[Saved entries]
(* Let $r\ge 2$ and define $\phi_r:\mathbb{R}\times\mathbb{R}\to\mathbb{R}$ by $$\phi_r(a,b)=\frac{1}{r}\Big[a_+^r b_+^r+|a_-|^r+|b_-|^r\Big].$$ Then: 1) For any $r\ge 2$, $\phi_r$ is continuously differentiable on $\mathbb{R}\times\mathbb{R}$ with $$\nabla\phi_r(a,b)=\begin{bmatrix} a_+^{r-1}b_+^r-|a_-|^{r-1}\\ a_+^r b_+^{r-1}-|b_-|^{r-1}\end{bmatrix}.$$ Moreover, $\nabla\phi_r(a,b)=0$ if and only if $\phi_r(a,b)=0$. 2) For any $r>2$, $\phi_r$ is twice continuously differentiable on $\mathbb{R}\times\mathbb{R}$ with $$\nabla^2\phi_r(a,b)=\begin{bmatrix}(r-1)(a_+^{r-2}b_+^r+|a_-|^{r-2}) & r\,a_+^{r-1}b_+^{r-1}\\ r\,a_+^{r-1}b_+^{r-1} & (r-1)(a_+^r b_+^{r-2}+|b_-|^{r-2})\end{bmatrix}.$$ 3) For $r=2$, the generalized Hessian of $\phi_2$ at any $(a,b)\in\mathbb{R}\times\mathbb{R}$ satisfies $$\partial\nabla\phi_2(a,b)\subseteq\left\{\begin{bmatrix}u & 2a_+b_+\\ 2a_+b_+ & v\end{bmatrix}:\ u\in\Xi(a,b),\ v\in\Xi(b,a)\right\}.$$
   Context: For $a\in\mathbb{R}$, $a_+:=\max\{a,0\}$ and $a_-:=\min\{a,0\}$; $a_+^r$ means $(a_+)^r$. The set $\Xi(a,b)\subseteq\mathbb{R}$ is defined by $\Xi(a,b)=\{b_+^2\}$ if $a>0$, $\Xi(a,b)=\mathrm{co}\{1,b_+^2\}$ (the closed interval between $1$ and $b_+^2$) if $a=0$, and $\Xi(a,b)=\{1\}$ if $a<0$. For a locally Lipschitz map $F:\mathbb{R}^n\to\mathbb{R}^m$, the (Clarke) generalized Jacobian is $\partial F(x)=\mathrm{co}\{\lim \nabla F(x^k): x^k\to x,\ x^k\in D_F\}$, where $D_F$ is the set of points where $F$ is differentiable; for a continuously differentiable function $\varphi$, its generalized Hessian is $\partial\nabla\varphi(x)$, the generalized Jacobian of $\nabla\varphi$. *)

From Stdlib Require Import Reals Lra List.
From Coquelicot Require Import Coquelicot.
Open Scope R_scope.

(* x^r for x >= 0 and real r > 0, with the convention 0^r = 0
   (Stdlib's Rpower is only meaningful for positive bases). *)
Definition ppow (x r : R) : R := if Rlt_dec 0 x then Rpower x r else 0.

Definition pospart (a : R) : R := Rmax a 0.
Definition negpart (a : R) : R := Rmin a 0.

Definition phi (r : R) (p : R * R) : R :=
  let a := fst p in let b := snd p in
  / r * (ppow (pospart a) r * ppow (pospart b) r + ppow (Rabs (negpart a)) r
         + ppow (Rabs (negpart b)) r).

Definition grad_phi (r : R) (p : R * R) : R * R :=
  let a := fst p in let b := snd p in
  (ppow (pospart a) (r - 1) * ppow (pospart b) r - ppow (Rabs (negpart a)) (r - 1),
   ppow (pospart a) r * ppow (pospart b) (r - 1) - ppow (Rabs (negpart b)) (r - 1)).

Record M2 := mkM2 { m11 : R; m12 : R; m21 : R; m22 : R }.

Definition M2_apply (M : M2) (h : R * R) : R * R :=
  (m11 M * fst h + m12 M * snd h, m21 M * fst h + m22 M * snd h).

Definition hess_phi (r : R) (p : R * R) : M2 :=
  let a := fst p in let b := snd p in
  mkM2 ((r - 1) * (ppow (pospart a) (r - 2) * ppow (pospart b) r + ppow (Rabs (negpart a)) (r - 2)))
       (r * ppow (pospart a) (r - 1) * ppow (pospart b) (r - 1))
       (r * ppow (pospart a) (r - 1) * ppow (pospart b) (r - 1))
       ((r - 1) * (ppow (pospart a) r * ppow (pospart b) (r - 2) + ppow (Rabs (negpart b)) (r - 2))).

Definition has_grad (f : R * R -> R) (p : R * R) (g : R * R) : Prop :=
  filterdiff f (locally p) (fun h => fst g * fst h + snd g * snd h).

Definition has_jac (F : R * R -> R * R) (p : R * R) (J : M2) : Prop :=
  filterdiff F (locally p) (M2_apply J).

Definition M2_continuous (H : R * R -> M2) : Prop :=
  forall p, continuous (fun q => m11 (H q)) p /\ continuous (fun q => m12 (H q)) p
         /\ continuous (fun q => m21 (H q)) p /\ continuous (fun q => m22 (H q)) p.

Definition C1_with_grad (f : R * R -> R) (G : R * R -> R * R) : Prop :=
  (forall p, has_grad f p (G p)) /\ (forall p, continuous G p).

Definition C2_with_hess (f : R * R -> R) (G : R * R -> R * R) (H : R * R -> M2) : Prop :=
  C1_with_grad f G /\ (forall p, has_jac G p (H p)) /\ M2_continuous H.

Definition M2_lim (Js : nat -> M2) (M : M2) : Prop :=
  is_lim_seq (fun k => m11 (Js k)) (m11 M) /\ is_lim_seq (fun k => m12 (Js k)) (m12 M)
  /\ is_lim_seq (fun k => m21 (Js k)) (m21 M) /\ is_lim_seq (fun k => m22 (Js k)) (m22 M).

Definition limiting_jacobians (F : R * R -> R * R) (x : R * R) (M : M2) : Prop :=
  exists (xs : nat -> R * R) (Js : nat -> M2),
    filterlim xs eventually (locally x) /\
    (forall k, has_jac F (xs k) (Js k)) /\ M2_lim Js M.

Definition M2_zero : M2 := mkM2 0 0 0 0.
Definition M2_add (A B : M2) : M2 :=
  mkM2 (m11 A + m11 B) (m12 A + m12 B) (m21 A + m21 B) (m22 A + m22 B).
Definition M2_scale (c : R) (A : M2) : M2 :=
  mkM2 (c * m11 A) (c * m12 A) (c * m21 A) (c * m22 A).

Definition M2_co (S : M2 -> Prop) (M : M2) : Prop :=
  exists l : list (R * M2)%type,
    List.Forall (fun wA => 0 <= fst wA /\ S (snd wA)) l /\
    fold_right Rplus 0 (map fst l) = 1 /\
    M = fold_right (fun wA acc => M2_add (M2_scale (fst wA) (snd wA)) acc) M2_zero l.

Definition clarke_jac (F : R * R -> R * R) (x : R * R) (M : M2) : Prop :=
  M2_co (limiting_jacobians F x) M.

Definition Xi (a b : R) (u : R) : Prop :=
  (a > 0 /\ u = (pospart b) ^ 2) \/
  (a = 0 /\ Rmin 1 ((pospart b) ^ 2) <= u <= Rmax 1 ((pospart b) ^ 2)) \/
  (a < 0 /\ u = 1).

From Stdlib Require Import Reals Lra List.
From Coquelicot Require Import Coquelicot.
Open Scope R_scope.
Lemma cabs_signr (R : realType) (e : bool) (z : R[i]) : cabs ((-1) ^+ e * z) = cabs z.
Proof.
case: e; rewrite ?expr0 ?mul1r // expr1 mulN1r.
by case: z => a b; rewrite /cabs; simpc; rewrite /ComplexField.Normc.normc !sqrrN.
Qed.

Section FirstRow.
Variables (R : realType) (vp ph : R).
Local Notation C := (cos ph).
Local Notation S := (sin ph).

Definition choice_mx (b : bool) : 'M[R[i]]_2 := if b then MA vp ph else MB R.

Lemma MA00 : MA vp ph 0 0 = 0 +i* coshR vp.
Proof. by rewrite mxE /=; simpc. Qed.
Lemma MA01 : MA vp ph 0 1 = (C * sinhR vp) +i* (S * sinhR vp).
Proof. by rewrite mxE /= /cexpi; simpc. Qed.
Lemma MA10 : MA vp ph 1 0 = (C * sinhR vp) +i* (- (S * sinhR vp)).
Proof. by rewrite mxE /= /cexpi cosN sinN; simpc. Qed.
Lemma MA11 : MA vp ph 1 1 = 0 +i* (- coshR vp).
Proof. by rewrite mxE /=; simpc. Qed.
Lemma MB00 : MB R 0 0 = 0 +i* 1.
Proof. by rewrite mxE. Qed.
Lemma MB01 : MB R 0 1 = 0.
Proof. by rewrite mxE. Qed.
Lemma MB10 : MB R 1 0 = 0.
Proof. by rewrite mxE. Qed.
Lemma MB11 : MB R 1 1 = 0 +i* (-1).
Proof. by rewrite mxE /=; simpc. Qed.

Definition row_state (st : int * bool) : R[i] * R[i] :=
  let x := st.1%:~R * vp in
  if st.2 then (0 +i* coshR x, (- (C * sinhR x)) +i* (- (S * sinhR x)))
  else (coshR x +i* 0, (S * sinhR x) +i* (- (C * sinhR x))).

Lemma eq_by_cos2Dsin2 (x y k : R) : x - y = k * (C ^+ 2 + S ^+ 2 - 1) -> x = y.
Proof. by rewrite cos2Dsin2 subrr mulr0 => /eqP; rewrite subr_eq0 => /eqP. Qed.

> **Instructions to follow**: Print the lines above from the one with "Definition choice_mx (b" through the one with "Lemma MA11 : MA", both included, exactly as written and nothing more.

> **Written solution**:
Definition choice_mx (b : bool) : 'M[R[i]]_2 := if b then MA vp ph else MB R.

Lemma MA00 : MA vp ph 0 0 = 0 +i* coshR vp.
Proof. by rewrite mxE /=; simpc. Qed.
Lemma MA01 : MA vp ph 0 1 = (C * sinhR vp) +i* (S * sinhR vp).
Proof. by rewrite mxE /= /cexpi; simpc. Qed.
Lemma MA10 : MA vp ph 1 0 = (C * sinhR vp) +i* (- (S * sinhR vp)).
Proof. by rewrite mxE /= /cexpi cosN sinN; simpc. Qed.
Lemma MA11 : MA vp ph 1 1 = 0 +i* (- coshR vp).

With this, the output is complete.